Я смотрю на Фреда. Я за ним наблюдаю. Изучаю его и пытаюсь понять. По воле природы мы близнецы, и до недавних пор были идеальным повторением друг друга, как две половины одного лица, но только оба — правые. Сейчас, образно выражаясь, мы смотрим в разные стороны: один из нас сошел с дороги, по которой пятнадцать лет мы шли рука об руку и в ногу. Фред не станет менять свой маршрут, а я? Возможно, мне не следует зацикливаться на нашей идентичности и продолжить путь, пусть не держась за руки, но просто рядом. А с ним же будет идти кто-то еще... Но это же неизбежно, не важно, парень или девушка, кто-то третий обязательно присоединится к нам. Третий? А где четвертый? Так, стоп. Я, что же, собираюсь весь путь проделать в одиночку? В одиночку... Да нет же — с Фредом. Я не вижу никого, кроме нас двоих. Кто-то третий обязательно будет лишним. Мы — повторение и дополнение друг друга, вместе мы — безукоризненно выполненная композиция, и кто-то посторонний нам будет мешать, он будет нелепо и безобразно портить шедевр Природы. И почему я не задумывался об этом, когда Фред встречался с Анджелиной? Потому что был уверен, что Анджелина не постоянное увлечение, ведь она — девушка? А другой парень видится мне как соперник? Да ну, ерунда.

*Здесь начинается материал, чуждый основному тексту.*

Lemma pants_ineq_holds (g n : nat) : 0 < n -> 3 <= 2 * g + n ->
  pants_ineq g n (2 * g + n - 2) (3 * g + n - 3).
Proof.
move=> n_gt0; case: (posnP g) => [->|g_gt0] pants_gt0.
  have := pants_ineq_column (n - 3) _ _ _ _ pants_ineq_base_g0.
  have -> : 3 + (n - 3) = n by lia.
  have -> : 1 + (n - 3) = 2 * 0 + n - 2 by lia.
  have -> : 0 + (n - 3) = 3 * 0 + n - 3 by lia.
  by apply.
have row := pants_ineq_row (V := 2 * g - 1) (k := 3 * g - 2) g_gt0.
have := pants_ineq_column (n - 1) _ _ _ _ (row _ _).
have -> : 1 + (n - 1) = n by lia.
have -> : 2 * g - 1 + (n - 1) = 2 * g + n - 2 by lia.
have -> : 3 * g - 2 + (n - 1) = 3 * g + n - 3 by lia.
by apply; lia.
Qed.

Theorem proposition2p4 (g n : nat) (hn : 1 <= n) :
  num_pants_graphs g n <= n * g ^ (3 * g) * (3 * g + 3 * n - 3) ^ n.
Proof.
rewrite /num_pants_graphs; case: ifP => // _.
have classes := card_classes_le (2 * g + n - 2) hn.
have [V0 | V_gt0] := posnP (2 * g + n - 2).
  by move: classes; rewrite V0 fact0 expn0 !muln1 mul0n leqn0 => /eqP ->.
set V := 2 * g + n - 2 in classes V_gt0 *; set k := 3 * g + n - 3.
have half_edges : 3 * V = n + 2 * k by move: V_gt0; rewrite /V /k; lia.
have graphs := card_pseudo3_le half_edges.
have three_le : 3 <= 2 * g + n by move: V_gt0; rewrite /V; lia.
have e_exp : k + 2 * n = 3 * g + 3 * n - 3 by rewrite /k; lia.
have counting := pants_ineq_holds hn three_le.
rewrite /pants_ineq -/V -/k e_exp in counting.
have aut_gt0 : 0 < (V`! * 3 ^ V) * (n`! * k`! * 2 ^ k) by rewrite !muln_gt0 !fact_gt0 !expn_gt0.
rewrite -(leq_pmul2r aut_gt0) mulnA.
apply: leq_trans (leq_mul classes (leqnn _)) _.
rewrite -mulnA; apply: leq_trans (leq_mul (leqnn _) graphs) _.
by apply: leq_trans counting _; rewrite !mulnA.
Qed.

Сейчас экзамен по Чарам, и я лишен возможности поговорить с Фредом, так как нас специально рассадили, чтобы не болтали и, упаси Мерлин, не совершили какую-нибудь шалость. Я украдкой бросаю взгляд на профессора Флитвика, который возвышается над простыми смертными на высокой стопке книг, накренившейся, как пизанская башня — вот-вот малыш профессор испытает секундную птичью эйфорию. Убедившись, что он не смотрит в мою сторону, вырываю из тетради лист бумаги. Смачиваю кончик пера в чернилах и спешно, путаясь в буквах, пишу короткую записку: «Какие планы на вечер?». Снова исподлобья кошусь на Флитвика, кидаю через плечо смятый листок и, повернув голову вбок, внятным шепотом говорю:
— Фреду. — Увы, госпожа Фортуна распорядилась так, что я сижу за первой партой, прямо под карликовым носом профессора Флитвика, а Фред — за последней, поэтому приходится передавать послание маггловским способом, а не привычными птичками.

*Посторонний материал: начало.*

(* Let $T$ be the Lr $(\mathbf a,\tau)$ interval exchange transformation, and assume that $\tau$ is irreducible and fully split and that $T$ satisfies the Keane Condition. Then the associated subshift $(X,S)$ has no doubly asymptotic pair of distinct points: if $\alpha,\beta\in X$ and there is $N\in\mathbb N$ with $\alpha_i=\beta_i$ for all $|i|\ge N$, then $\alpha=\beta$.
   Context: Fix $n\ge 2$, $[n]=\{1,\dots,n\}$, a vector $\mathbf a=(a_1,\dots,a_n)$ with all $a_i>0$ and $\sum_i a_i=1$, and a permutation $\tau$ of $[n]$. Put $b_0=0$, $b_i=\sum_{j=1}^i a_j$, $J_i=[b_{i-1},b_i)$, $\tilde J_i=(b_{i-1},b_i]$ for $i\in[n]$, and $D=\{b_1,\dots,b_{n-1}\}$. Put $b^\tau_0=0$, $b^\tau_i=\sum_{j=1}^i a_{\tau^{-1}(j)}$, $D^\tau=\{b^\tau_1,\dots,b^\tau_{n-1}\}$. The Lr $(\mathbf a,\tau)$ interval exchange transformation $T:[0,1)\to[0,1)$ and its dual $\tilde T:(0,1]\to(0,1]$ are defined by $x\mapsto x-b_{i-1}+b^\tau_{\tau(i)-1}$ for $x\in J_i$ (resp. $x\in\tilde J_i$); both are bijections. $\tau$ is irreducible if $\tau(\{1,\dots,j\})\ne\{1,\dots,j\}$ for $j=1,\dots,n-1$; split if $\tau(j+1)\ne\tau(j)+1$ for $j=1,\dots,n-1$; fully split if it is split and moreover $\tau(1)\ne\tau(n)+1$ and $\tau^{-1}(1)\ne\tau^{-1}(n)+1$. $T$ satisfies the Keane Condition if $D\cap T^k(D)=\emptyset$ for all $k\in\mathbb N$. Let $\Omega=[n]^{\mathbb Z}$ with the product topology and shift $S(\alpha)_i=\alpha_{i+1}$. The itinerary maps $\mathcal I:[0,1)\to\Omega$, $\tilde{\mathcal I}:(0,1]\to\Omega$ are $\mathcal I(x)_k=i\iff T^kx\in J_i$ and $\tilde{\mathcal I}(x)_k=i\iff\tilde T^kx\in\tilde J_i$ ($k\in\mathbb Z$). Let $D_\infty=\{0,1\}\cup\bigcup_{k\in\mathbb Z}T^k(D)$, $R=[0,1]\setminus D_\infty$ (the regular points), $X_0=\mathcal I(R)$, and $X=\overline{X_0}$; $(X,S)$ is the associated subshift. *)

From Stdlib Require Import Reals ZArith Lra Lia.
Open Scope R_scope.

(* Data: n, lengths a : nat -> R (a i for i in 1..n), a permutation
   tau of {1..n} given together with its inverse tauinv. *)

Definition is_perm (n : nat) (tau tauinv : nat -> nat) : Prop :=
  forall i, (1 <= i <= n)%nat ->
    (1 <= tau i <= n)%nat /\ (1 <= tauinv i <= n)%nat /\
    tauinv (tau i) = i /\ tau (tauinv i) = i.

Fixpoint bsum (a : nat -> R) (i : nat) : R :=
  match i with
  | O => 0
  | S k => bsum a k + a (S k)
  end.

Definition btau (a : nat -> R) (tauinv : nat -> nat) (i : nat) : R :=
  bsum (fun j => a (tauinv j)) i.

Definition inJ (a : nat -> R) (i : nat) (x : R) : Prop :=
  bsum a (i - 1) <= x < bsum a i.

(* T on [0,1): x in J_i  |->  x - b_{i-1} + b^tau_{tau(i)-1}.
   Tloop k x searches the interval index among 1..k (from k downward). *)
Fixpoint Tloop (a : nat -> R) (tau tauinv : nat -> nat) (k : nat) (x : R) : R :=
  match k with
  | O => x
  | S k' => if Rle_dec (bsum a k') x
            then x - bsum a k' + btau a tauinv (tau (S k') - 1)
            else Tloop a tau tauinv k' x
  end.

Definition IET (n : nat) (a : nat -> R) (tau tauinv : nat -> nat) (x : R) : R :=
  Tloop a tau tauinv n x.

(* Tpow n a tau tauinv k x y  <->  T^k x = y  (k : Z), on [0,1);
   negative powers via the inverse of the bijection T. *)
Definition Tpow (n : nat) (a : nat -> R) (tau tauinv : nat -> nat)
  (k : Z) (x y : R) : Prop :=
  ((0 <= k)%Z /\ Nat.iter (Z.to_nat k) (IET n a tau tauinv) x = y) \/
  ((k < 0)%Z /\ 0 <= y < 1 /\
     Nat.iter (Z.to_nat (- k)) (IET n a tau tauinv) y = x).

Definition inD (n : nat) (a : nat -> R) (x : R) : Prop :=
  exists i, (1 <= i <= n - 1)%nat /\ x = bsum a i.

Definition irreducible (n : nat) (tau : nat -> nat) : Prop :=
  forall j, (1 <= j <= n - 1)%nat ->
    ~ ((forall i, (1 <= i <= j)%nat -> (1 <= tau i <= j)%nat) /\
       (forall m, (1 <= m <= j)%nat -> exists i, (1 <= i <= j)%nat /\ tau i = m)).

Definition split_perm (n : nat) (tau : nat -> nat) : Prop :=
  forall j, (1 <= j <= n - 1)%nat -> tau (S j) <> (tau j + 1)%nat.

Definition fully_split (n : nat) (tau tauinv : nat -> nat) : Prop :=
  split_perm n tau /\ tau 1%nat <> (tau n + 1)%nat /\
  tauinv 1%nat <> (tauinv n + 1)%nat.

Definition keane (n : nat) (a : nat -> R) (tau tauinv : nat -> nat) : Prop :=
  forall (k : nat), (1 <= k)%nat ->
    forall x, inD n a x -> ~ inD n a (Nat.iter k (IET n a tau tauinv) x).

Definition inDinf (n : nat) (a : nat -> R) (tau tauinv : nat -> nat) (x : R) : Prop :=
  x = 0 \/ x = 1 \/
  exists (k : Z) (d : R), inD n a d /\ Tpow n a tau tauinv k d x.

Definition regular (n : nat) (a : nat -> R) (tau tauinv : nat -> nat) (x : R) : Prop :=
  0 <= x <= 1 /\ ~ inDinf n a tau tauinv x.

Definition word := Z -> nat.

Definition is_itinerary (n : nat) (a : nat -> R) (tau tauinv : nat -> nat)
  (x : R) (alpha : word) : Prop :=
  forall k : Z, (1 <= alpha k <= n)%nat /\
    exists y, Tpow n a tau tauinv k x y /\ inJ a (alpha k) y.

Definition inX0 (n : nat) (a : nat -> R) (tau tauinv : nat -> nat) (alpha : word) : Prop :=
  exists x, regular n a tau tauinv x /\ is_itinerary n a tau tauinv x alpha.

(* X = closure of X_0 in the product topology of [n]^Z (discrete [n]):
   every cylinder around alpha meets X_0. *)
Definition inX (n : nat) (a : nat -> R) (tau tauinv : nat -> nat) (alpha : word) : Prop :=
  forall M : nat, exists beta, inX0 n a tau tauinv beta /\
    forall k : Z, (Z.abs k <= Z.of_nat M)%Z -> alpha k = beta k.

From Stdlib Require Import Reals ZArith Lra Lia List Permutation FinFun Wf_nat
  Classical ClassicalEpsilon.
Open Scope R_scope.

(** Words of the subshift [X] are, on every finite window, itineraries of
    genuine [T]-orbits.  Suppose [α, β ∈ X] agree outside a finite window and first
    differ at time [m0], say [α_{m0} = i < β_{m0}].  Two facts about [T] conflict:
    - Expansiveness: [T] has no periodic points (Keane), so every interval of length
      [ℓ] reaches [D] within a bounded time; hence points sharing a long enough code
      are [ℓ]-close.  The common past puts the two orbit points at time [m0] just left
      and just right of the discontinuity [b_i]; the common future makes their images
      under [T^P], [P = N - m0], [ℓ]-close as well.
    - Jump: full splitting and Keane show that the left limit [Gl] of [T^P] at [b_i]
      differs from its value [Gr = T^P(b_i)] (which is also its right limit), so
      those images are about [|Gl - Gr|] apart. *)

Lemma bsum_le_mono (n : nat) (f : nat -> R) :
  (forall i, (1 <= i <= n)%nat -> 0 < f i) ->
  forall p q, (p <= q <= n)%nat -> bsum f p <= bsum f q.
Proof.
  intros Hf p q [Hpq Hqn]. induction Hpq as [|q Hpq IH]; [lra|].
  simpl. specialize (Hf (S q) ltac:(lia)). specialize (IH ltac:(lia)). lra.
Qed.

Lemma bsum_lt_mono (n : nat) (f : nat -> R) :
  (forall i, (1 <= i <= n)%nat -> 0 < f i) ->
  forall p q, (p < q <= n)%nat -> bsum f p < bsum f q.
Proof.
  intros Hf p [|q] Hpq; [lia|]. simpl.
  assert (bsum f p <= bsum f q) by (apply (bsum_le_mono n); auto; lia).
  specialize (Hf (S q) ltac:(lia)). lra.
Qed.

Lemma bsum_pred (f : nat -> R) (t : nat) : (1 <= t)%nat -> bsum f t = bsum f (t - 1) + f t.
Proof. intros Ht. destruct t as [|t]; [lia|]. simpl. rewrite Nat.sub_0_r. reflexivity. Qed.

(** [bsum] is a list sum, hence invariant under permutation of the summands. *)
Lemma bsum_as_list_sum (f : nat -> R) (k : nat) :
  bsum f k = fold_right Rplus 0 (map f (seq 1 k)).
Proof.
  assert (Hacc : forall l x, fold_right Rplus x l = fold_right Rplus 0 l + x)
    by (induction l; simpl; intros; [lra|rewrite IHl; lra]).
  induction k as [|k IH]; [reflexivity|].
  rewrite seq_S, map_app, fold_right_app. simpl. rewrite Hacc, <- IH.
  replace (1 + k)%nat with (S k) by lia. lra.
Qed.

Lemma list_sum_perm (l l' : list R) :
  Permutation l l' -> fold_right Rplus 0 l = fold_right Rplus 0 l'.
Proof. induction 1; simpl; lra. Qed.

Усердно скрипящие по пергаменту перья раздражают слух, и кажется, в мире больше не существует никаких звуков, кроме этого — противно скребущего по нервам. Ответ приходит через шесть нетерпеливых поворотов головы назад.
«Никаких».
Благословенное слово!
Я утыкаюсь носом в запястья, сложенные на парте, и блаженно выдыхаю.
«Хорошо», — пишу я, хотя в этом нет необходимости.
— Джордж! — через минуту зовут меня жужжащим шепотом. И я, предусмотрительно проверив направление взгляда профессора, оборачиваюсь:
— Что?
— Записка.
Метнув быстрый взгляд на низко склоненную над пергаментом лохматую макушку Фреда, я хватаю обрывок бумаги, брошенный на край парты, и быстро разворачиваю его под столом.
«Хорошо». А рядом — улыбающаяся рожица.
Хочется встретиться глазами с Фредом и улыбнуться ему в ответ, но меня останавливает красноречивое хмыканье профессора. Я комкаю записку, плотно прижимая кулак к бедру, и добросовестно возвращаюсь к заданию.
А на душе так счастливо!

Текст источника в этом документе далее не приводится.